What to do >>
Among the records below, find the line that has "apply: wordP => i lt_in; have"; from there, give the lines again exactly, and stop after the line that has "Proof. by rewrite -!(inj_eq".
BEGIN Data to use
(* Let $n\ge2$, $1\le r\le n-1$ and $\alpha,\beta,\gamma\in\mathbb{Z}_2^n$. Then (1) $\mathrm{adp}^{\mathrm{XR}}_r(\alpha,\beta\to\gamma)=\mathrm{adp}^{\mathrm{XR}}_r(\beta,\alpha\to\gamma)$; (2) $\mathrm{adp}^{\mathrm{XR}}_r(\alpha,\beta\to\gamma)=\mathrm{adp}^{\mathrm{XR}}_r(\alpha+2^{n-1},\beta+2^{n-1}\to\gamma)$; (3) $\mathrm{adp}^{\mathrm{XR}}_r(\alpha,\beta\to\gamma)=\mathrm{adp}^{\mathrm{XR}}_r(\pm\alpha,\pm\beta\to\pm\gamma)$ for every independent choice of the signs (each $\pm x$ means either $x$ or $-x$).
   Context: For $x\in\mathbb{Z}_2^n$ write $x=(x_0,\dots,x_{n-1})$ and identify $x$ with the integer $\sum_{i=0}^{n-1}x_i2^{n-1-i}$ ($x_0$ most significant); $x+y$, $x-y$, $-x$ are computed modulo $2^n$. $\oplus$ is bitwise XOR and $x\lll r=(x_r,\dots,x_{n-1},x_0,\dots,x_{r-1})$. For $f:(\mathbb{Z}_2^n)^k\to\mathbb{Z}_2^n$, $\mathrm{adp}^f(\alpha_1,\dots,\alpha_k\to\alpha_{k+1})=2^{-kn}\#\{(x_1,\dots,x_k): f(x_1+\alpha_1,\dots,x_k+\alpha_k)=f(x_1,\dots,x_k)+\alpha_{k+1}\}$. $\mathrm{adp}^{\mathrm{XR}}_r$ denotes $\mathrm{adp}^f$ for $f(x,y)=(x\oplus y)\lll r$. *)

From mathcomp Require Import all_boot all_order all_algebra.
Set Implicit Arguments. Unset Strict Implicit. Unset Printing Implicit Defensive.

(* Z_2^n, identified with the integers {0,...,2^n-1}: x = sum_i x_i 2^(n-1-i),
   bit x_0 most significant. *)
Definition word (n : nat) := 'I_(2 ^ n).

Lemma pow2_gt0 (n : nat) : 0 < 2 ^ n.
Proof. by rewrite expn_gt0. Qed.

Definition mkw (n m : nat) : word n := Ordinal (ltn_pmod m (pow2_gt0 n)).

Definition bitw (n : nat) (x : word n) (i : nat) : bool := odd (x %/ 2 ^ (n - 1 - i)).

Definition of_bits (n : nat) (b : nat -> bool) : word n :=
  mkw n (\sum_(i < n) b i * 2 ^ (n - 1 - i)).

Definition addw (n : nat) (x y : word n) : word n := mkw n (x + y).
Definition negw (n : nat) (x : word n) : word n := mkw n (2 ^ n - x).
Definition xorw (n : nat) (x y : word n) : word n :=
  of_bits n (fun i => bitw x i (+) bitw y i).
Definition rotlw (n r : nat) (x : word n) : word n :=
  of_bits n (fun i => bitw x ((i + r) %% n)).

Definition XR (n r : nat) (x y : word n) : word n := rotlw r (xorw x y).

Definition adp2 (n : nat) (f : word n -> word n -> word n) (a1 a2 a3 : word n) : rat :=
  (#|[set p : word n * word n |
      f (addw p.1 a1) (addw p.2 a2) == addw (f p.1 p.2) a3]|)%:R
  / (2 ^ (2 * n))%:R.

Definition adpXR (n r : nat) (a b c : word n) : rat := adp2 (@XR n r) a b c.

Definition sgnw (n : nat) (s : bool) (x : word n) : word n := if s then negw x else x.

From mathcomp Require Import all_boot all_order all_algebra.
From mathcomp Require Import zify ring.
Set Implicit Arguments. Unset Strict Implicit. Unset Printing Implicit Defensive.
Import GRing.Theory.

(* Each identity comes from a bijective change of variables (x, y) |-> g (x, y)
   on the pairs counted by adp.  Swapping x and y gives (1) since xor is
   commutative.  Adding 2^(n-1) flips only the most significant bit, so adding
   it to both inputs leaves x xor y unchanged, which gives (2).  For (3), the
   translation (x, y) |-> (x - a, y - b) negates all three differences, and the
   bitwise complement x |-> ~x = -1 - x, which commutes with xor and rotation,
   negates the first input difference together with the output difference;
   with commutativity these sign changes generate all eight sign patterns. *)

Definition bit (k m : nat) : bool := odd (m %/ 2 ^ k).

Lemma bit0 m : bit 0 m = odd m.
Proof. by rewrite /bit expn0 divn1. Qed.

Lemma bitS k m : bit k.+1 m = bit k m./2.
Proof. by rewrite /bit expnS divnMA divn2. Qed.

Lemma bit_modX k N m : k < N -> bit k (m %% 2 ^ N) = bit k m.
Proof.
move=> lt_kN; rewrite /bit {2}(divn_eq m (2 ^ N)).
have -> : 2 ^ N = 2 ^ (N - k) * 2 ^ k by rewrite -expnD subnK // ltnW.
rewrite mulnA addnC divnDMl ?expn_gt0 // oddD oddM oddX.
by rewrite subn_eq0 leqNgt lt_kN andbF addbF.
Qed.

Lemma bit_addX k j m : k <= j -> bit k (m + 2 ^ j) = bit k m (+) (k == j).
Proof.
move=> le_kj; rewrite /bit.
have -> : 2 ^ j = 2 ^ (j - k) * 2 ^ k by rewrite -expnD subnK.
by rewrite divnDMl ?expn_gt0 // oddD oddX orbF subn_eq0 eqn_leq le_kj.
Qed.

Lemma bit_inj N x y : x < 2 ^ N -> y < 2 ^ N ->
  (forall k, k < N -> bit k x = bit k y) -> x = y.
Proof.
elim: N x y => [|N IHN] x y.
  by rewrite expn0 !ltnS !leqn0 => /eqP -> /eqP ->.
rewrite expnS => ltx lty eq_bits.
have eq_half : x./2 = y./2.
  by apply: IHN => [||k lt_kN]; rewrite -?bitS ?eq_bits //; lia.
have eq_odd : odd x = odd y by rewrite -!bit0 eq_bits.
by rewrite -(odd_double_half x) -(odd_double_half y) eq_half eq_odd.
Qed.

Lemma bit_sum N (b : nat -> bool) i : i < N ->
  bit (N - 1 - i) (\sum_(j < N) b j * 2 ^ (N - 1 - j)) = b i.
Proof.
elim: N i => [|N IHN] i // lt_iN.
rewrite big_ord_recr /= subSS subn0 subnn expn0 muln1.
have -> : \sum_(j < N) b j * 2 ^ (N - j) = (\sum_(j < N) b j * 2 ^ (N - 1 - j)).*2.
  rewrite -mul2n big_distrr /=; apply: eq_bigr => j _.
  by rewrite mulnCA -expnS; congr (_ * 2 ^ _); have := ltn_ord j; lia.
rewrite addnC; case: (ltngtP i N) => [lt_iN'|gt_iN|->]; last 2 first.
- lia.
- by rewrite subnn bit0 oddD odd_double addbF oddb.
have -> : N - i = (N - 1 - i).+1 by lia.
by rewrite bitS half_bit_double IHN.
Qed.

Lemma bit_compl M x k : x < 2 ^ M -> k < M -> bit k (2 ^ M - 1 - x) = ~~ bit k x.
Proof.
elim: k M x => [|k IHk] [|M] x // ltx lt_kM.
  rewrite !bit0 oddB; last by lia.
  by rewrite oddB ?expn_gt0 // oddX.
rewrite expnS in ltx; rewrite !bitS -(IHk M x./2); last 2 first.
- by rewrite -divn2; lia.
- by [].
by congr bit; rewrite expnS -!divn2; lia.
Qed.

Section Bits.
Variable n : nat.
Implicit Types (x y : word n) (b : nat -> bool).

Definition notw x : word n := mkw n (2 ^ n - 1 - x).

Lemma bitwE x i : bitw x i = bit (n - 1 - i) x.
Proof. by []. Qed.

Lemma wordP x y : (forall i, i < n -> bitw x i = bitw y i) -> x = y.
Proof.
move=> eq_bits; apply/val_inj/(@bit_inj n); rewrite ?ltn_ord // => k lt_kn.
have := eq_bits (n - 1 - k); rewrite !bitwE (_ : n - 1 - (n - 1 - k) = k); last by lia.
by apply; lia.
Qed.

Lemma bitw_of_bits b i : i < n -> bitw (of_bits n b) i = b i.
Proof. by move=> lt_in; rewrite bitwE /= bit_modX ?bit_sum //; lia. Qed.

Lemma eq_of_bits b b' : (forall i, i < n -> b i = b' i) -> of_bits n b = of_bits n b'.
Proof. by move=> eq_b; congr mkw; apply: eq_bigr => i _; rewrite eq_b. Qed.

Lemma bitw_xorw x y i : i < n -> bitw (xorw x y) i = bitw x i (+) bitw y i.
Proof. exact: bitw_of_bits. Qed.

Lemma bitw_notw x i : i < n -> bitw (notw x) i = ~~ bitw x i.
Proof. by move=> lt_in; rewrite !bitwE /= bit_modX ?bit_compl //; lia. Qed.

Lemma bitw_addw_msb x i : i < n ->
  bitw (addw x (mkw n (2 ^ (n - 1)))) i = bitw x i (+) (i == 0).
Proof.
move=> lt_in; rewrite !bitwE /= bit_modX; last by lia.
rewrite (modn_small (m := 2 ^ (n - 1))); last by rewrite ltn_exp2l //; lia.
by rewrite bit_addX; [congr addb; lia | lia].
Qed.

Lemma xorwC x y : xorw x y = xorw y x.
Proof. by apply: eq_of_bits => i _; rewrite addbC. Qed.

Lemma xorw_notwl x y : xorw (notw x) y = notw (xorw x y).
Proof.
by apply: wordP => i lt_in; rewrite bitw_notw ?bitw_xorw ?bitw_notw // addNb.
Qed.

Lemma xorw_addw_msb x y (h := mkw n (2 ^ (n - 1))) :
  xorw (addw x h) (addw y h) = xorw x y.
Proof.
by apply: eq_of_bits => i lt_in; rewrite !bitw_addw_msb // addbACA addbb addbF.
Qed.

Lemma rotlw_notw r x : rotlw r (notw x) = notw (rotlw r x).
Proof.
apply: wordP => i lt_in; have lt_rot : (i + r) %% n < n by rewrite ltn_mod; lia.
by rewrite bitw_notw // !bitw_of_bits // bitw_notw.
Qed.

End Bits.

Section Arithmetic.
Local Open Scope ring_scope.
Variable n : nat.
Hypothesis n_gt0 : (0 < n)%N.
Implicit Types x y a : word n.

Let exp2n_gt1 : (1 < 2 ^ n)%N.
Proof. by rewrite -{1}(expn0 2) ltn_exp2l. Qed.

Definition toZ x : 'Z_(2 ^ n) := (val x)%:R.

Lemma toZ_inj : injective toZ.
Proof.
have toZ_val x : toZ x = x :> nat by rewrite /toZ val_Zp_nat // modn_small ?ltn_ord.
by move=> x y eq_xy; apply: val_inj; rewrite /= -toZ_val eq_xy toZ_val.
Qed.

Lemma toZ_mkw m : toZ (mkw n m) = m%:R.
Proof. exact: Zp_nat_mod. Qed.

Lemma toZ_addw x y : toZ (addw x y) = toZ x + toZ y.
Proof. by rewrite toZ_mkw natrD. Qed.

Lemma toZ_exp2n : (2 ^ n)%N%:R = 0 :> 'Z_(2 ^ n).
Proof. by rewrite -(Zp_nat_mod exp2n_gt1) modnn. Qed.

Lemma toZ_negw x : toZ (negw x) = - toZ x.
Proof. by rewrite toZ_mkw natrB ?toZ_exp2n ?sub0r // ltnW. Qed.

Lemma toZ_notw x : toZ (notw x) = -1 - toZ x.
Proof.
rewrite toZ_mkw -subnDA natrB; last by have := ltn_ord x; lia.
by rewrite toZ_exp2n natrD sub0r opprD.
Qed.

Let toZE := (toZ_addw, toZ_negw, toZ_notw).

Lemma addwA : associative (@addw n).
Proof. by move=> x y z; apply: toZ_inj; rewrite !toZE addrA. Qed.

Lemma addwNK a : cancel (fun x => addw x (negw a)) (fun x => addw x a).
Proof. by move=> x; apply: toZ_inj; rewrite !toZE subrK. Qed.

Lemma negwK : involutive (@negw n).
Proof. by move=> x; apply: toZ_inj; rewrite !toZE opprK. Qed.

Lemma notwK : involutive (@notw n).
Proof. by move=> x; apply: toZ_inj; rewrite !toZE; ring. Qed.

Lemma addw_notw x a : addw (notw x) a = notw (addw x (negw a)).
Proof. by apply: toZ_inj; rewrite !toZE; ring. Qed.

Lemma eq_addwN x y a : (x == addw y (negw a)) = (y == addw x a).
Proof. by rewrite -!(inj_eq toZ_inj) !toZE eq_sym subr_eq. Qed.

End Arithmetic.

Section Differentials.
Local Open Scope ring_scope.
Variables (n : nat) (f : word n -> word n -> word n).
Implicit Types a b c : word n.

Definition adp_eqn a b c (p : word n * word n) : bool :=
  f (addw p.1 a) (addw p.2 b) == addw (f p.1 p.2) c.

Lemma adp2_change_var (g : word n * word n -> word n * word n) a b c a' b' c' :
  injective g -> (forall p, adp_eqn a' b' c' p = adp_eqn a b c (g p)) ->
  adp2 f a b c = adp2 f a' b' c'.
Proof.
move=> g_inj eqn_g; rewrite /adp2 -(card_preimset _ g_inj).
by congr (_%:R / _); apply: eq_card => p; rewrite !inE; exact: esym (eqn_g p).
Qed.

Hypothesis fC : commutative f.

Lemma adp2C a b c : adp2 f a b c = adp2 f b a c.
Proof.
apply: (@adp2_change_var (fun p => (p.2, p.1))) => [[x y] [x' y'] [-> ->] //|].
by case=> x y; rewrite /adp_eqn /= fC [f y x]fC.
Qed.

Hypothesis n_gt0 : (0 < n)%N.

Lemma adp2_opp a b c : adp2 f a b c = adp2 f (negw a) (negw b) (negw c).
Proof.
apply: (@adp2_change_var (fun p => (addw p.1 (negw a), addw p.2 (negw b)))).
  by apply: (can_inj (g := fun p => (addw p.1 a, addw p.2 b))) => -[x y]; rewrite /= !addwNK.
by case=> x y; rewrite /adp_eqn /= !addwNK // eq_addwN.
Qed.

Lemma adp2_addw_const h a b c :
  (forall x y, f (addw x h) (addw y h) = f x y) ->
  adp2 f a b c = adp2 f (addw a h) (addw b h) c.
Proof.
move=> f_h; apply: (@adp2_change_var id) => // p.
by rewrite /adp_eqn !addwA // f_h.
Qed.

Hypothesis f_notwl : forall x y, f (notw x) y = notw (f x y).

Lemma adp2_negl a b c : adp2 f (negw a) b c = adp2 f a b (negw c).
Proof.
rewrite -{1}[c](negwK n_gt0); symmetry.
apply: (@adp2_change_var (fun p => (notw p.1, p.2))).
  by apply: (can_inj (g := fun p => (notw p.1, p.2))) => -[x y]; rewrite /= notwK.
case=> x y; rewrite /adp_eqn /= f_notwl !addw_notw // f_notwl.
by rewrite (inj_eq (can_inj (notwK n_gt0))).
Qed.

Lemma adp2_negr a b c : adp2 f a (negw b) c = adp2 f a b (negw c).
Proof. by rewrite adp2C adp2_negl adp2C. Qed.

Lemma adp2_sgnw s1 s2 s3 a b c :
  adp2 f (sgnw s1 a) (sgnw s2 b) (sgnw s3 c) = adp2 f a b c.
Proof.
have adp2_negc a' b' c' : adp2 f a' b' (negw c') = adp2 f a' b' c'.
  by rewrite adp2_opp -adp2_negr -adp2_negl !negwK.
by case: s1 s2 s3 => [] [] [] /=; rewrite ?adp2_negl ?adp2_negr ?adp2_negc.
Qed.

End Differentials.

Lemma XRC n r : commutative (@XR n r).
Proof. by move=> x y; rewrite /XR xorwC. Qed.

Lemma XR_notwl n r (x y : word n) : XR r (notw x) y = notw (XR r x y).
Proof. by rewrite /XR xorw_notwl rotlw_notw. Qed.

Lemma XR_addw_msb n r (x y : word n) (h := mkw n (2 ^ (n - 1))) :
  XR r (addw x h) (addw y h) = XR r x y.
Proof. by rewrite /XR xorw_addw_msb. Qed.

Theorem theorem5 (n r : nat) (hn : 2 <= n) (hr1 : 1 <= r) (hr2 : r <= n - 1)
    (a b c : word n) :
  adpXR r a b c = adpXR r b a c /\
  adpXR r a b c = adpXR r (addw a (mkw n (2 ^ (n - 1)))) (addw b (mkw n (2 ^ (n - 1)))) c /\
  (forall s1 s2 s3 : bool,
     adpXR r a b c = adpXR r (sgnw s1 a) (sgnw s2 b) (sgnw s3 c)).
Proof.
have n_gt0 : 0 < n by apply: leq_trans hn.
split; first exact: adp2C (@XRC n r) _ _ _.
split; first exact: adp2_addw_const n_gt0 _ _ _ _ (@XR_addw_msb n r).
by move=> s1 s2 s3; rewrite /adpXR adp2_sgnw //; [apply: XRC | apply: XR_notwl].
Qed.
END Data to use
Solution to this exercise >>
apply: wordP => i lt_in; have lt_rot : (i + r) %% n < n by rewrite ltn_mod; lia.
by rewrite bitw_notw // !bitw_of_bits // bitw_notw.
Qed.

End Bits.

Section Arithmetic.
Local Open Scope ring_scope.
Variable n : nat.
Hypothesis n_gt0 : (0 < n)%N.
Implicit Types x y a : word n.

Let exp2n_gt1 : (1 < 2 ^ n)%N.
Proof. by rewrite -{1}(expn0 2) ltn_exp2l. Qed.

Definition toZ x : 'Z_(2 ^ n) := (val x)%:R.

Lemma toZ_inj : injective toZ.
Proof.
have toZ_val x : toZ x = x :> nat by rewrite /toZ val_Zp_nat // modn_small ?ltn_ord.
by move=> x y eq_xy; apply: val_inj; rewrite /= -toZ_val eq_xy toZ_val.
Qed.

Lemma toZ_mkw m : toZ (mkw n m) = m%:R.
Proof. exact: Zp_nat_mod. Qed.

Lemma toZ_addw x y : toZ (addw x y) = toZ x + toZ y.
Proof. by rewrite toZ_mkw natrD. Qed.

Lemma toZ_exp2n : (2 ^ n)%N%:R = 0 :> 'Z_(2 ^ n).
Proof. by rewrite -(Zp_nat_mod exp2n_gt1) modnn. Qed.

Lemma toZ_negw x : toZ (negw x) = - toZ x.
Proof. by rewrite toZ_mkw natrB ?toZ_exp2n ?sub0r // ltnW. Qed.

Lemma toZ_notw x : toZ (notw x) = -1 - toZ x.
Proof.
rewrite toZ_mkw -subnDA natrB; last by have := ltn_ord x; lia.
by rewrite toZ_exp2n natrD sub0r opprD.
Qed.

Let toZE := (toZ_addw, toZ_negw, toZ_notw).

Lemma addwA : associative (@addw n).
Proof. by move=> x y z; apply: toZ_inj; rewrite !toZE addrA. Qed.

Lemma addwNK a : cancel (fun x => addw x (negw a)) (fun x => addw x a).
Proof. by move=> x; apply: toZ_inj; rewrite !toZE subrK. Qed.

Lemma negwK : involutive (@negw n).
Proof. by move=> x; apply: toZ_inj; rewrite !toZE opprK. Qed.

Lemma notwK : involutive (@notw n).
Proof. by move=> x; apply: toZ_inj; rewrite !toZE; ring. Qed.

Lemma addw_notw x a : addw (notw x) a = notw (addw x (negw a)).
Proof. by apply: toZ_inj; rewrite !toZE; ring. Qed.

Lemma eq_addwN x y a : (x == addw y (negw a)) = (y == addw x a).
Proof. by rewrite -!(inj_eq toZ_inj) !toZE eq_sym subr_eq. Qed.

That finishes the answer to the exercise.